The `SummarizationMiddleware` is one of the most impactful middlewares for long-horizon tasks. Here is the full configuration reference:

```yaml
summarization:
  enabled: true

  # Model to use for summarization (null = use default model)
  # A lightweight model like gpt-4o-mini is recommended to reduce cost.
  model_name: null

  # Trigger conditions — summarization runs when ANY threshold is met
  trigger:
    - type: tokens      # trigger when context exceeds N tokens
      value: 15564
    # - type: messages  # trigger when there are more than N messages
    #   value: 50
    # - type: fraction  # trigger when context exceeds X% of model max
    #   value: 0.8

  # How much recent history to keep after summarization
  keep:
    type: messages
    value: 10           # keep the 10 most recent messages
    # Alternative: keep by tokens
    # type: tokens
    # value: 3000

  # Maximum tokens to trim when preparing messages for the summarizer
  trim_tokens_to_summarize: 15564

  # Custom summary prompt (null = use default LangChain prompt)
  summary_prompt: null
```

**Trigger types**:
- `tokens`: triggers when the total token count in the conversation exceeds `value`.
- `messages`: triggers when the number of messages exceeds `value`.
- `fraction`: triggers when the context reaches `value` fraction of the model's maximum input token limit.

Multiple triggers can be listed; summarization runs when **any** of them fires.

**Keep types**:
- `messages`: keep the last `value` messages after summarization.
- `tokens`: keep up to `value` tokens of recent history.
- `fraction`: keep up to `value` fraction of the model's max input token limit.

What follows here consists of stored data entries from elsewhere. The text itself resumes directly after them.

(* Let $\Lambda$ be a strongly connected finite $k$-graph. (1) Let $m,n,p,q\in\mathbb{N}^k$ and suppose $\sigma^m(x)=\sigma^n(x)$ for all $x\in\Lambda^\infty$. If $p-q=m-n$, then $\sigma^p(x)=\sigma^q(x)$ for all $x\in\Lambda^\infty$. (2) The set $\operatorname{Per}\Lambda:=\{m-n:m,n\in\mathbb{N}^k,\ \sigma^m(x)=\sigma^n(x)\text{ for all }x\in\Lambda^\infty\}$ is a subgroup of $\mathbb{Z}^k$. (3) Suppose $m,n\in\mathbb{N}^k$ with $m-n\in\operatorname{Per}\Lambda$ and $\mu\in\Lambda^m$. Then $\theta_{d(\alpha)+m,\,d(\alpha)+n}(\alpha\mu)=\alpha\theta_{m,n}(\mu)$ for all $\alpha\in\Lambda r(\mu)$, and $\theta_{m+d(\beta),\,n+d(\beta)}(\mu\beta)=\theta_{m,n}(\mu)\beta$ for all $\beta\in s(\mu)\Lambda$.
   Context: A $k$-graph is a countable category $\Lambda$ with a functor $d:\Lambda\to\mathbb{N}^k$ such that whenever $d(\lambda)=m+n$ there are unique $\mu,\nu$ with $d(\mu)=m$, $d(\nu)=n$, $\lambda=\mu\nu$. $\Lambda^n=d^{-1}(n)$, $\Lambda^0$ = vertices, $r,s$ range and source; $\Lambda v=\{\lambda:s(\lambda)=v\}$, $v\Lambda=\{\lambda:r(\lambda)=v\}$. Standing convention: $\Lambda^{e_i}\neq\emptyset$ for each $i$. Finite: each $\Lambda^n$ finite; strongly connected: $v\Lambda w\neq\emptyset$ for all vertices $v,w$. Infinite paths: $\Omega_k=\{(m,n)\in\mathbb{N}^k\times\mathbb{N}^k:m\le n\}$ is a $k$-graph with $r(m,n)=(m,m)$, $s(m,n)=(n,n)$, $(m,n)(n,p)=(m,p)$, $d(m,n)=n-m$. An infinite path is a degree-preserving functor $x:\Omega_k\to\Lambda$; $\Lambda^\infty$ is the set of these; $r(x)=x(0,0)$; $\sigma^n(x)(p,q)=x(n+p,n+q)$; for $s(\lambda)=r(x)$, $\lambda x$ is the unique infinite path with $(\lambda x)(0,d(\lambda))=\lambda$, $\sigma^{d(\lambda)}(\lambda x)=x$; $Z(\lambda)=\{x:x(0,d(\lambda))=\lambda\}$. For $m,n\in\mathbb{N}^k$ with $\sigma^m(x)=\sigma^n(x)$ for all $x\in\Lambda^\infty$ and $\mu\in\Lambda^m$, $\theta_{m,n}(\mu)$ denotes the unique element of $\Lambda^n$ such that $\mu x=\theta_{m,n}(\mu)x$ for all $x\in Z(s(\mu))$ (in part (3), (1) guarantees the relevant pairs of degrees satisfy this). *)

From HB Require Import structures.
From mathcomp Require Import all_boot all_order all_algebra.
From Stdlib Require Import ClassicalEpsilon.
Set Implicit Arguments. Unset Strict Implicit. Unset Printing Implicit Defensive.
Import GRing.Theory.

Definition NN (k : nat) := {ffun 'I_k -> nat}.
Definition ZZ (k : nat) := {ffun 'I_k -> int}.

Definition zeroN k : NN k := [ffun => 0%N].
Definition addN k (m n : NN k) : NN k := [ffun i => (m i + n i)%N].
(* truncated pointwise subtraction; only used when m <= n pointwise *)
Definition subN k (n m : NN k) : NN k := [ffun i => (n i - m i)%N].
Definition leN k (m n : NN k) : Prop := forall i, (m i <= n i)%N.
Definition unitN k (i : 'I_k) : NN k := [ffun j => nat_of_bool (i == j)].
Definition diffZ k (m n : NN k) : ZZ k := [ffun i => ((m i)%:Z - (n i)%:Z)%R].

(* Composition is total but only constrained on composable pairs
   (src f = rng g); kcomp f g is the composite "f g". *)
Record kgraph (k : nat) := KGraph {
  vert : countType;
  mor : countType;
  rng : mor -> vert;
  src : mor -> vert;
  idm : vert -> mor;
  kcomp : mor -> mor -> mor;
  deg : mor -> NN k;
  rng_idm : forall v, rng (idm v) = v;
  src_idm : forall v, src (idm v) = v;
  rng_comp : forall f g, src f = rng g -> rng (kcomp f g) = rng f;
  src_comp : forall f g, src f = rng g -> src (kcomp f g) = src g;
  comp_idl : forall f, kcomp (idm (rng f)) f = f;
  comp_idr : forall f, kcomp f (idm (src f)) = f;
  comp_assoc : forall f g h, src f = rng g -> src g = rng h ->
      kcomp f (kcomp g h) = kcomp (kcomp f g) h;
  deg_idm : forall v, deg (idm v) = zeroN k;
  deg_comp : forall f g, src f = rng g -> deg (kcomp f g) = addN (deg f) (deg g);
  factorisation : forall l m n, deg l = addN m n ->
      exists! p : mor * mor,
        [/\ src p.1 = rng p.2, deg p.1 = m, deg p.2 = n & l = kcomp p.1 p.2]
}.

Section KG.
Variables (k : nat) (L : kgraph k).
Local Notation mor := (mor L).
Local Notation vert := (vert L).

Definition finite_kgraph : Prop :=
  forall n : NN k, exists s : seq mor, forall l, deg l = n -> l \in s.

Definition strongly_connected : Prop :=
  forall v w : vert, exists l : mor, rng l = v /\ src l = w.

(* standing convention: Lambda^{e_i} nonempty *)
Definition no_empty_colours : Prop :=
  forall i : 'I_k, exists l : mor, deg l = unitN i.

(* An infinite path: a degree-preserving functor Omega_k -> Lambda, given by
   its action x m n on the morphisms (m,n), m <= n, of Omega_k
   (values at pairs with ~ m <= n are irrelevant). *)
Definition infpath (x : NN k -> NN k -> mor) : Prop :=
  [/\ forall m n, leN m n -> deg (x m n) = subN n m,
      forall m, x m m = idm (rng (x m m)) &
      forall m n p, leN m n -> leN n p ->
        src (x m n) = rng (x n p) /\ x m p = kcomp (x m n) (x n p)].

(* equality of infinite paths (as functors, i.e. on all morphisms of Omega_k) *)
Definition path_eq (x y : NN k -> NN k -> mor) : Prop :=
  forall p q, leN p q -> x p q = y p q.

(* sigma^m(x) = sigma^n(x) *)
Definition shift_eq (x : NN k -> NN k -> mor) (m n : NN k) : Prop :=
  forall p q, leN p q -> x (addN m p) (addN m q) = x (addN n p) (addN n q).

(* y is the infinite path l x : y(0, d l) = l and sigma^{d l}(y) = x *)
Definition is_concat (l : mor) (x y : NN k -> NN k -> mor) : Prop :=
  [/\ infpath y, y (zeroN k) (deg l) = l &
      forall p q, leN p q -> y (addN (deg l) p) (addN (deg l) q) = x p q].

Definition periodic_pair (m n : NN k) : Prop :=
  forall x, infpath x -> shift_eq x m n.

Definition Per (z : ZZ k) : Prop :=
  exists m n : NN k, z = diffZ m n /\ periodic_pair m n.

Definition is_subgroup (P : ZZ k -> Prop) : Prop :=
  P 0%R /\ forall a b, P a -> P b -> P (a - b)%R.

(* defining property of theta_{m,n}(mu): an element t of Lambda^n with
   mu x = t x for all x in Z(s(mu)) *)
Definition theta_prop (m n : NN k) (mu t : mor) : Prop :=
  deg t = n /\
  forall x, infpath x -> rng (x (zeroN k) (zeroN k)) = src mu ->
    exists y z, [/\ is_concat mu x y, is_concat t x z & path_eq y z].

(* theta_{m,n}(mu): "the unique element" with the defining property
   (chosen by Hilbert's epsilon; its existence/uniqueness is part of what
   must be proved when using it). *)
Definition theta (m n : NN k) (mu : mor) : mor :=
  epsilon (inhabits mu) (theta_prop m n mu).

End KG.
Arguments theta {k} L m n mu.

From mathcomp Require Import all_boot all_order all_algebra zify.
From Stdlib Require Import ClassicalEpsilon.
Set Implicit Arguments. Unset Strict Implicit. Unset Printing Implicit Defensive.

(* Write [l x] for the infinite path x prefixed by l.  If sigma^m = sigma^n and
   d(l) = c, then sigma^(m+c) and sigma^(n+c) agree on every [l x]; conversely,
   since every vertex is the source of paths of every degree, agreement after
   adding c can be cancelled.  Hence periodicity of (m, n) depends only on
   m - n, and Per is a group.  For (3), theta_{m,n}(mu) = t is characterised
   by mu x(0, n + q) = t x(0, m + q) for every infinite path x at s(mu) and
   every q; this identity is stable under prefixing alpha and, writing x as
   [beta x'], under suffixing beta.  A witness is t = (mu x0)(0, n) for any
   single x0, because periodicity makes (mu x)(0, n) determined by
   (mu x)(0, m) = mu. *)

Ltac solve_NN_eq :=
  let i := fresh "i" in apply/ffunP => i;
  repeat match goal with H : leN _ _ |- _ => move: (H i); clear H end;
  rewrite ?ffunE /=; lia.
Ltac solve_leN :=
  let i := fresh "i" in move=> i;
  repeat match goal with H : leN _ _ |- _ => move: (H i); clear H end;
  rewrite ?ffunE /=; lia.

Section NNOrder.
Variable k : nat.
Implicit Types a b c q : NN k.

Lemma le0N q : leN (zeroN k) q.
Proof. by move=> i; rewrite ffunE. Qed.

Lemma leNN q : leN q q.
Proof. by []. Qed.

Lemma leN_trans a b c : leN a b -> leN b c -> leN a c.
Proof. by move=> ? ?; solve_leN. Qed.

Lemma leN_addl a q : leN q (addN a q).
Proof. by solve_leN. Qed.

Lemma leN_addr a q : leN a (addN a q).
Proof. by solve_leN. Qed.

Lemma addN0 a : addN a (zeroN k) = a.
Proof. by solve_NN_eq. Qed.

Lemma subN0 a : subN a (zeroN k) = a.
Proof. by solve_NN_eq. Qed.

End NNOrder.

Section Factorisation.
Variables (k : nat) (L : kgraph k).
Local Notation mor := (mor L).
Local Notation z0 := (zeroN k).
Implicit Types (f g h : mor) (p q : NN k).

Lemma kcomp_inj g h g' h' : src g = rng h -> src g' = rng h' ->
  deg g = deg g' -> deg h = deg h' -> kcomp g h = kcomp g' h' -> g = g' /\ h = h'.
Proof.
move=> gh gh' dg dh e.
have [gh0 [_ uniq]] := factorisation (deg_comp gh).
have := uniq (g', h') (And4 gh' (esym dg) (esym dh) e).
by rewrite (uniq (g, h) (And4 gh erefl erefl erefl)) => -[-> ->].
Qed.

Lemma deg0_idm f : deg f = z0 -> f = idm (rng f).
Proof.
move=> df; have [-> //] : idm (rng f) = f /\ f = idm (src f).
apply: kcomp_inj; rewrite ?src_idm ?rng_idm ?deg_idm ?df //.
by rewrite comp_idl comp_idr.
Qed.

Lemma factor_exists f p q : deg f = addN p q -> exists g h,
  [/\ src g = rng h, deg g = p, deg h = q & f = kcomp g h].
Proof. by case/factorisation => -[g h] [[/= ? ? ? ?] _]; exists g, h. Qed.

Definition factor f p q : mor * mor :=
  epsilon (inhabits (f, f))
   (fun gh => [/\ src gh.1 = rng gh.2, deg gh.1 = p, deg gh.2 = q
               & f = kcomp gh.1 gh.2]).

Lemma factorP f p q : deg f = addN p q ->
  [/\ src (factor f p q).1 = rng (factor f p q).2, deg (factor f p q).1 = p,
      deg (factor f p q).2 = q & f = kcomp (factor f p q).1 (factor f p q).2].
Proof.
case/factor_exists => g [h fgh]; rewrite /factor.
apply: (epsilon_spec _ (fun gh : mor * mor =>
  [/\ src gh.1 = rng gh.2, deg gh.1 = p, deg gh.2 = q & f = kcomp gh.1 gh.2])).
by exists (g, h).
Qed.

Lemma factor_kcomp g h : src g = rng h -> factor (kcomp g h) (deg g) (deg h) = (g, h).
Proof.
move=> gh; have [] := factorP (deg_comp gh).
case: factor => g' h' /= gh' dg dh e.
by have [-> ->] := kcomp_inj gh' gh dg dh (esym e).
Qed.

(* The segment f(p, q) of the paper: cut f at q, then cut that prefix at p. *)
Definition seg f p q : mor :=
  (factor (factor f q (subN (deg f) q)).1 p (subN q p)).2.

Lemma segE f a g c p q : src a = rng g -> src g = rng c ->
  deg a = p -> deg g = subN q p -> leN p q ->
  f = kcomp (kcomp a g) c -> seg f p q = g.
Proof.
move=> ag gc da dg pq ->.
have agc : src (kcomp a g) = rng c by rewrite src_comp.
have dag : deg (kcomp a g) = q by rewrite deg_comp // da dg; solve_NN_eq.
have dc : deg c = subN (deg (kcomp (kcomp a g) c)) q.
  by rewrite deg_comp // dag; solve_NN_eq.
by rewrite /seg -{1}dag -dc factor_kcomp //= -dg -da factor_kcomp.
Qed.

## Writing a custom middleware

Custom middlewares can be injected into the chain for specialized use cases. A middleware must implement the `AgentMiddleware` interface from `langchain.agents.middleware`.

The basic structure is:

```python
from langchain.agents.middleware import AgentMiddleware

class MyMiddleware(AgentMiddleware):
    async def on_start(self, state, config):
        # Runs before the model call
        # Modify state or config here
        return state, config

    async def on_end(self, state, config):
        # Runs after the model call
        # Inspect or modify the result
        return state, config
```

Custom middlewares are passed to `make_lead_agent` via the `custom_middlewares` parameter in `_build_middlewares`. They are injected immediately before `ClarificationMiddleware` at the end of the chain.